# REO Allegiance



## inhisservice4 (Jun 26, 2013)

Ok So I do small work orders for them sometimes. These are the 45 day payers. They have always paid me in the past. I have one small invoice 178 plus 78 distance fee. Its now 56 days out. No problem. Its one work order, I get one work order a month if that. My question here is why is that with them I always call to speak with accounting and she is out, or the owner has to sign the checks lol. I thought they were a national? Am I wrong? Or am I unwillingly subbing to a regional? With them I have a 20% discount. Also got a call yesterday from Field Assets vendor managment. LOL. Well we see you have done a lot of work for us in the past since 08. We got a complaint about a property you are servicing from a cordinator. I love this part " Its ok to turn work down out of your area. You have a coverage area for a reason. The cordinators are under a lot of pressure, they will tell you whatever they can to get you to do the job. Just say no if you can't. And if you make an agreement get it in writing." An admission of just how the zoo operates from internal sources. FAS actually called me from accounting and said we actually owe you from 5 months ago. I got a check at the right time. I know its a lot of info in one post, miss matched, but Im feeling hyper. And also glad I have one contract with a regional bank directly apart from the zoo life.


----------



## BRADSConst (Oct 2, 2012)

inhisservice4 said:


> Ok So I do small work orders for them sometimes. These are the 45 day payers. They have always paid me in the past. I have one small invoice 178 plus 78 distance fee. Its now 56 days out. No problem. Its one work order, I get one work order a month if that. My question here is why is that with them I always call to speak with accounting and she is out, or the owner has to sign the checks lol. I thought they were a national? Am I wrong? Or am I unwillingly subbing to a regional? With them I have a 20% discount. Also got a call yesterday from Field Assets vendor managment. LOL. Well we see you have done a lot of work for us in the past since 08. We got a complaint about a property you are servicing from a cordinator. I love this part " Its ok to turn work down out of your area. You have a coverage area for a reason. The cordinators are under a lot of pressure, they will tell you whatever they can to get you to do the job. Just say no if you can't. And if you make an agreement get it in writing." An admission of just how the zoo operates from internal sources. FAS actually called me from accounting and said we actually owe you from 5 months ago.
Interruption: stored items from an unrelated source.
(* Let $\underline{X}$ be an observation from a distribution $P_{(\theta,\underline{\eta})}$ indexed by $(\theta,\underline{\eta})$ in a parameter space $H$, with real parameter of interest $\theta$ ranging over $[A,B]$ (possibly $A=-\infty$ or $B=+\infty$), and fix $\alpha\in[0,1]$. For an upper one-sided confidence interval $C(\underline{X})=[A,U(\underline{X})]$, define its modification $C^M$ by $$h(\underline{x},\theta_0)=\sup_{(\theta,\underline{\eta})\in H,\ \theta\ge\theta_0}P_{(\theta,\underline{\eta})}\big(U(\underline{X})\le U(\underline{x})\big),\qquad C^M(\underline{x})=\overline{\{\theta_0: h(\underline{x},\theta_0)>\alpha\}}$$ (this is the h-function of the test statistic $U(\underline{x})-\theta_0$ for $H_0:\theta\ge\theta_0$). Let $C_u(\underline{X})=[A,U_u(\underline{X})]$ be an upper one-sided confidence interval of any level, let $C_u^{M1}=C_u^M$, $C_u^{M(k+1)}=(C_u^{Mk})^M$, and $C_u^{M\infty}=\bigcap_{k\ge1}C_u^{Mk}$. Then: (i) $C_u^M(\underline{X})$ is of level $1-\alpha$, i.e. $\inf_{(\theta,\underline{\eta})\in H}P_{(\theta,\underline{\eta})}(\theta\in C_u^M(\underline{X}))\ge1-\alpha$; (ii) $C_u^{M\infty}(\underline{X})=C_u^M(\underline{X})$; (iii) writing $C_u^M(\underline{X})=[A,U_u^M(\underline{X})]$, $C_u^M$ is the smallest interval in the class $\mathcal{C}_u$ of all $1-\alpha$ exact upper one-sided intervals $C(\underline{X})=[A,U(\underline{X})]$ such that $U(\underline{x}')\le U(\underline{x})$ whenever $U_u(\underline{x}')\le U_u(\underline{x})$, for all $\underline{x}',\underline{x}$; i.e. for any $C=[A,U]\in\mathcal{C}_u$, $U_u^M(\underline{X})\le U(\underline{X})$.
   Context: For a set $A'$ of parameter values, $\overline{A'}$ denotes the smallest closed simply connected set (closed interval) containing $A'$. An interval $C(\underline{X})$ for $\theta$ is ''$1-\alpha$ exact'' if $\inf_{(\theta,\underline{\eta})\in H}P_{(\theta,\underline{\eta})}(\theta\in C(\underline{X}))\ge1-\alpha$. *)

From HB Require Import structures.
From mathcomp Require Import all_boot all_order all_algebra.
From mathcomp Require Import all_classical all_reals all_analysis.
From mathcomp Require Import measurable_realfun.
Set Implicit Arguments. Unset Strict Implicit. Unset Printing Implicit Defensive.
Import Order.TTheory GRing.Theory Num.Theory.
Import numFieldNormedType.Exports.
Local Open Scope classical_set_scope.
Local Open Scope ring_scope.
I got a check at the right time. I know its a lot of info in one post, miss matched, but Im feeling hyper. And also glad I have one contract with a regional bank directly apart from the zoo life.
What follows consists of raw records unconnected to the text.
Lemma is_series_telescope (u : nat -> R) :
  is_lim_seq u 0 -> is_series (fun k => u k - u (S k)) (u O).
Proof.
  intro Hu.
  apply (is_lim_seq_ext (fun n => u O - u (S n)) (sum_n (fun k => u k - u (S k))) (u O)).
  { intro n. now rewrite sum_n_telescope. }
  replace (Finite (u O)) with (Rbar_minus (u O) 0) by (simpl; f_equal; ring).
  apply is_lim_seq_minus'; [apply is_lim_seq_const|].
  exact (proj1 (is_lim_seq_incr_1 u 0) Hu).
Qed.

Lemma geometric_ratio_bound (F r : nat -> R) q :
  0 <= q -> (forall n, F (S n) = F n * r n) -> (forall n, Rabs (r n) <= q) ->
  forall n, Rabs (F n) <= Rabs (F O) * q ^ n.
Proof.
  intros Hq HF Hr n. induction n as [|n IH]; [simpl; lra|].
  rewrite HF, Rabs_mult, <- tech_pow_Rmult.
  replace (Rabs (F O) * (q * q ^ n)) with (Rabs (F O) * q ^ n * q) by ring.
  apply Rmult_le_compat; try apply Rabs_pos; auto.
Qed.

(* Wilf-Zeilberger summation: summing [F k n - F k (S n) = G k n - G (S k) n]
   over k gives [W n - W (S n) = G 0 n] for [W n := sum_k F k n], which then
   telescopes in n from [W 0 = c * L] to [lim W = 0]. *)
Lemma wz_series (a b beta : nat -> R) (F G : nat -> nat -> R) (c L : R) :
  is_series b L ->
  (forall k, 0 <= b k) ->
  (forall k, F k O = c * b k) ->
  (forall k n, F k n - F k (S n) = G k n - G (S k) n) ->
  (forall n, is_lim_seq (fun k => G k n) 0) ->
  (forall n, G O n = a n) ->
  (forall k n, Rabs (F k n) <= beta n * b k) ->
  is_lim_seq beta 0 ->
  is_series a (c * L).
Proof.
  intros Hb Hb0 HF0 Hwz HG HGa HFb Hbeta.
  assert (Hexb : ex_series b) by (exists L; exact Hb).
  assert (HexF : forall n, ex_series (fun k => F k n)).
  { intro n. apply (ex_series_le (fun k => F k n) (fun k => beta n * b k)); [intro k; apply HFb|].
    exact (ex_series_scal_l (beta n) b Hexb). }
  set (W := fun n => Series (fun k => F k n)).
  assert (HW : forall n, a n = W n - W (S n)).
  { intro n.
    assert (HG0 : is_series (fun k => F k n - F k (S n)) (G O n)).
    { apply is_series_ext with (fun k => G k n - G (S k) n); [intro k; now rewrite Hwz|].
      now apply is_series_telescope. }
    assert (HWn : is_series (fun k => F k n - F k (S n)) (W n - W (S n))).
    { apply (is_series_minus (fun k => F k n) (fun k => F k (S n)));
        apply Series_correct, HexF. }
    rewrite <- HGa, <- (is_series_unique _ _ HG0). exact (is_series_unique _ _ HWn). }
  assert (HW0 : W O = c * L).
  { apply is_series_unique. apply is_series_ext with (fun k => c * b k).
    - intro k. now rewrite HF0.
    - exact (is_series_scal_l c b L Hb). }
  assert (HWb : forall n, Rabs (W n) <= beta n * L).
  { intro n. eapply Rle_trans; [apply Series_Rabs|].
    - apply (ex_series_le (fun k => Rabs (F k n)) (fun k => beta n * b k));
        [|exact (ex_series_scal_l (beta n) b Hexb)].
      intro k. unfold norm; simpl. rewrite Rabs_Rabsolu. apply HFb.
    - replace (beta n * L) with (Series (fun k => beta n * b k))
        by exact (is_series_unique _ _ (is_series_scal_l (beta n) b L Hb)).
      apply Series_le; [|exact (ex_series_scal_l (beta n) b Hexb)].
      intro k. split; [apply Rabs_pos | apply HFb]. }
  assert (HWl : is_lim_seq W 0).
  { apply is_lim_seq_abs_0.
    apply is_lim_seq_le_le with (fun _ => 0) (fun n => beta n * L).
    - intro n. split; [apply Rabs_pos | apply HWb].
    - apply is_lim_seq_const.
    - replace (Finite 0) with (Rbar_mult 0 L) by (simpl; f_equal; ring).
      now apply is_lim_seq_scal_r. }
  rewrite <- HW0.
  apply is_series_ext with (fun n => W n - W (S n)); [intro n; now rewrite HW|].
  now apply is_series_telescope.
Qed.

Lemma le_of_is_derive_nonneg (f df : R -> R) :
  (forall x, is_derive f x (df x)) -> (forall x, 0 <= x <= 1 -> 0 <= df x) -> f 0 <= f 1.
Proof.
  intros Hf Hdf.
  destruct (MVT_gen f 0 1 df) as [c [Hc Hmvt]].
  - intros x _. apply Hf.
  - intros x _. apply continuity_pt_filterlim, (ex_derive_continuous f x).
    exists (df x). apply Hf.
  - rewrite Rmin_left, Rmax_right in Hc by lra.
    specialize (Hdf c Hc). nra.
Qed.

Fixpoint S1_partial (N : nat) (x : R) : R :=
  match N with
  | O => 0
  | S M => S1_partial M x + (x ^ (3 * M + 2) / (3 * INR M + 2) - x ^ (3 * M + 4) / (3 * INR M + 4))
  end.

Lemma S1_partial_derive N x :
  is_derive (S1_partial N) x (x * (1 + x) * (1 - x ^ (3 * N)) / (1 + x + x * x)).
Proof.
  assert (Hq : 0 < 1 + x + x * x) by nra.
  induction N as [|N IH]; cbn [S1_partial].
  - apply (is_derive_ext (fun _ => 0)); [reflexivity|].
    replace (x * (1 + x) * (1 - x ^ (3 * 0)) / (1 + x + x * x)) with 0 by (simpl; field; lra).
    apply (is_derive_const 0).
  - pose proof (pos_INR N).
    replace (x * (1 + x) * (1 - x ^ (3 * S N)) / (1 + x + x * x))
      with (x * (1 + x) * (1 - x ^ (3 * N)) / (1 + x + x * x) + (x ^ (3 * N + 1) - x ^ (3 * N + 3)))
      by (replace (3 * S N)%nat with (3 * N + 3)%nat by lia; rewrite !pow_add; simpl; field; lra).
    apply (is_derive_plus (S1_partial N)); [exact IH|].
    auto_derive; [lra|].
    change (N + (N + (N + 0)))%nat with (3 * N)%nat.
    replace (Init.Nat.pred (3 * N + 2)) with (3 * N + 1)%nat by lia.
    replace (Init.Nat.pred (3 * N + 4)) with (3 * N + 3)%nat by lia.
    rewrite !plus_INR, !mult_INR. simpl (INR 2); simpl (INR 3); simpl (INR 4).
    field. lra.
Qed.

Lemma atan_S1_derive x :
  is_derive (fun y => 2 / sqrt 3 * atan ((2 * y + 1) / sqrt 3)) x (/ (1 + x + x * x)).
Proof.
  pose proof Rlt_sqrt3_0 as Hs. pose proof (sqrt_sqrt 3 ltac:(lra)) as Hs2.
  assert (Hq : 0 < 1 + x + x * x) by nra.
  auto_derive; [auto|].
  unfold Rsqr. field_simplify_eq; [|repeat split; nra].
  replace (sqrt 3 ^ 2) with 3 by (simpl; lra). ring.
Qed.

Definition S1_remainder N x := S1_partial N x - x + 2 / sqrt 3 * atan ((2 * x + 1) / sqrt 3).

Lemma S1_remainder_derive N x :
  is_derive (S1_remainder N) x (- (x ^ (3 * N) * x * (1 + x)) / (1 + x + x * x)).
Proof.
  assert (Hq : 0 < 1 + x + x * x) by nra.
  replace (- (x ^ (3 * N) * x * (1 + x)) / (1 + x + x * x))
    with (x * (1 + x) * (1 - x ^ (3 * N)) / (1 + x + x * x) - 1 + / (1 + x + x * x))
    by (field; lra).
  apply (is_derive_plus (fun y => S1_partial N y - y)); [|apply atan_S1_derive].
  apply (is_derive_minus (S1_partial N) (fun y => y)); [apply S1_partial_derive|].
  apply (is_derive_id x).
Qed.

(* The lower bound comes from [S1_remainder N x + x ^ (3N+2) / (3N+2)], whose
   derivative [x ^ (3N+3) / (1 + x + x^2)] is nonnegative on [0, 1]. *)
Lemma S1_remainder_bounds N :
  - / (3 * INR N + 2) <= S1_remainder N 1 - S1_remainder N 0 <= 0.
Proof.
  assert (HN : 0 < 3 * INR N + 2) by (pose proof (pos_INR N); lra).
  split.
  - set (g x := S1_remainder N x + x ^ (3 * N + 2) / (3 * INR N + 2)).
    assert (Hg : g 0 <= g 1).
    { apply (le_of_is_derive_nonneg g (fun x => x ^ (3 * N) * (x * x * x) / (1 + x + x * x))).
      - intro x. assert (Hq : 0 < 1 + x + x * x) by nra.
        replace (x ^ (3 * N) * (x * x * x) / (1 + x + x * x))
          with (- (x ^ (3 * N) * x * (1 + x)) / (1 + x + x * x) + x ^ (3 * N + 1))
          by (rewrite pow_add; simpl; field; lra).
        apply (is_derive_plus (S1_remainder N)); [apply S1_remainder_derive|].
        auto_derive; [auto|].
        change (N + (N + (N + 0)))%nat with (3 * N)%nat.
        replace (Init.Nat.pred (3 * N + 2)) with (3 * N + 1)%nat by lia.
        rewrite plus_INR, mult_INR. simpl (INR 2); simpl (INR 3). field. lra.
      - intros x Hx. apply Rdiv_le_0_compat; [|nra].
        apply Rmult_le_pos; [apply pow_le; lra|]. nra. }
    unfold g in Hg. rewrite pow1, pow_i in Hg by lia.
    replace (1 / (3 * INR N + 2)) with (/ (3 * INR N + 2)) in Hg by (field; lra).
    lra.
  - set (h x := - S1_remainder N x).
    assert (Hh : h 0 <= h 1).
    { apply (le_of_is_derive_nonneg h (fun x => x ^ (3 * N) * x * (1 + x) / (1 + x + x * x))).
      - intro x. assert (Hq : 0 < 1 + x + x * x) by nra.
        replace (x ^ (3 * N) * x * (1 + x) / (1 + x + x * x))
          with (- (- (x ^ (3 * N) * x * (1 + x)) / (1 + x + x * x))) by (field; lra).
        apply (is_derive_opp (S1_remainder N)), S1_remainder_derive.
      - intros x Hx. apply Rdiv_le_0_compat; [|nra].
        apply Rmult_le_pos; [apply Rmult_le_pos; [apply pow_le|]|]; lra. }
    unfold h in Hh. lra.
Qed.

Lemma S1_partial_0 N : S1_partial N 0 = 0.
Proof.
  induction N as [|N IH]; cbn [S1_partial]; [reflexivity|].
  pose proof (pos_INR N). rewrite IH, !pow_i by lia. field. lra.
Qed.

Lemma S1_partial_1 M : S1_partial (S M) 1 = 2 * sum_n S1_term M.
Proof.
  unfold S1_term. induction M as [|M IH].
  - cbn [S1_partial]. rewrite sum_O, !pow1. simpl. field.
  - cbn [S1_partial] in *. rewrite IH, sum_Sn, !pow1. unfold plus; cbn -[INR sum_n].
    rewrite S_INR. pose proof (pos_INR M). field. lra.
Qed.

Lemma S1_remainder_01 N :
  S1_remainder N 1 - S1_remainder N 0 = S1_partial N 1 - 2 * (1/2 - sqrt 3 * PI / 18).
Proof.
  pose proof Rlt_sqrt3_0 as Hs. pose proof (sqrt_sqrt 3 ltac:(lra)) as Hs2.
  unfold S1_remainder. rewrite S1_partial_0.
  replace ((2 * 1 + 1) / sqrt 3) with (tan (PI / 3)) by (rewrite tan_PI3; field_simplify_eq; lra).
  replace ((2 * 0 + 1) / sqrt 3) with (tan (PI / 6)) by (rewrite tan_PI6; field; lra).
  pose proof PI_RGT_0.
  rewrite !atan_tan by lra.
  field_simplify_eq; [|lra]. replace (sqrt 3 ^ 2) with 3 by (simpl; lra). ring.
Qed.

Lemma S1_series : is_series S1_term (1/2 - sqrt 3 * PI / 18).
Proof.
  set (L := 1/2 - sqrt 3 * PI / 18).
  change (is_lim_seq (sum_n S1_term) L).
  apply (is_lim_seq_le_le (fun M => L - / (INR (S M) + 1) / 2) _ (fun _ => L)).
  - intro M. pose proof (S1_remainder_bounds (S M)) as Hb.
    rewrite S1_remainder_01, S1_partial_1 in Hb. fold L in Hb.
    assert (/ (3 * INR (S M) + 2) <= / (INR (S M) + 1)).
    { pose proof (pos_INR (S M)). apply Rinv_le_contravar; lra. }
    lra.
  - assert (H0 : is_lim_seq (fun M => / (INR (S M) + 1) / 2) 0).
    { replace (Finite 0) with (Rbar_mult 0 (/ 2)) by (simpl; f_equal; ring).
      apply is_lim_seq_scal_r.
      exact (proj1 (is_lim_seq_incr_1 _ 0) is_lim_seq_inv_INR_S). }
    replace (Finite L) with (Rbar_minus L 0) by (simpl; f_equal; ring).
    exact (is_lim_seq_minus' _ _ _ _ (is_lim_seq_const L) H0).
  - apply is_lim_seq_const.
Qed.

Lemma S1_term_pos k : 0 < S1_term k.
Proof. unfold S1_term. pose proof (pos_INR k). apply Rinv_0_lt_compat. nra. Qed.

Lemma S1_term_le k : (INR k + 1) * S1_term k <= / (INR k + 1).
Proof.
  unfold S1_term. pose proof (pos_INR k).
  apply (Rmult_le_reg_r ((INR k + 1) * ((3 * INR k + 2) * (3 * INR k + 4)))); [nra|].
  field_simplify; nra.
Qed.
REO used to be a 45 day payer. Not so much anymore. More like 60+ and then calls/emails to request the check.


----------



## tak (Dec 28, 2012)

NFN is that same way......60 day payers and You have to track down that check! Shouldn't have to do that..as a small mom and pop the money they owe is worth tracking down over 15K ! I would never again get with 60 day payers. Being a National you should have that bank roll so you can pay your vendor in a 30-45 day period. Hell if they can pay their employees every 2 weeks consistently off our money why do we have to wait so damn long !


----------



## inhisservice4 (Jun 26, 2013)

*Right*

Yes, I think they are a national by coverage, but not by volume. They are a woman owned business so they are required by law to get some work, they only give me FHA way out in the middle of nowhere once in a blue moon.


----------



## BRADSConst (Oct 2, 2012)

tak said:


> NFN is that same way......60 day payers and You have to track down that check! Shouldn't have to do that..as a small mom and pop the money they owe is worth tracking down over 15K ! I would never again get with 60 day payers. Being a National you should have that bank roll so you can pay your vendor in a 30-45 day period. Hell if they can pay their employees every 2 weeks consistently off our money why do we have to wait so damn long !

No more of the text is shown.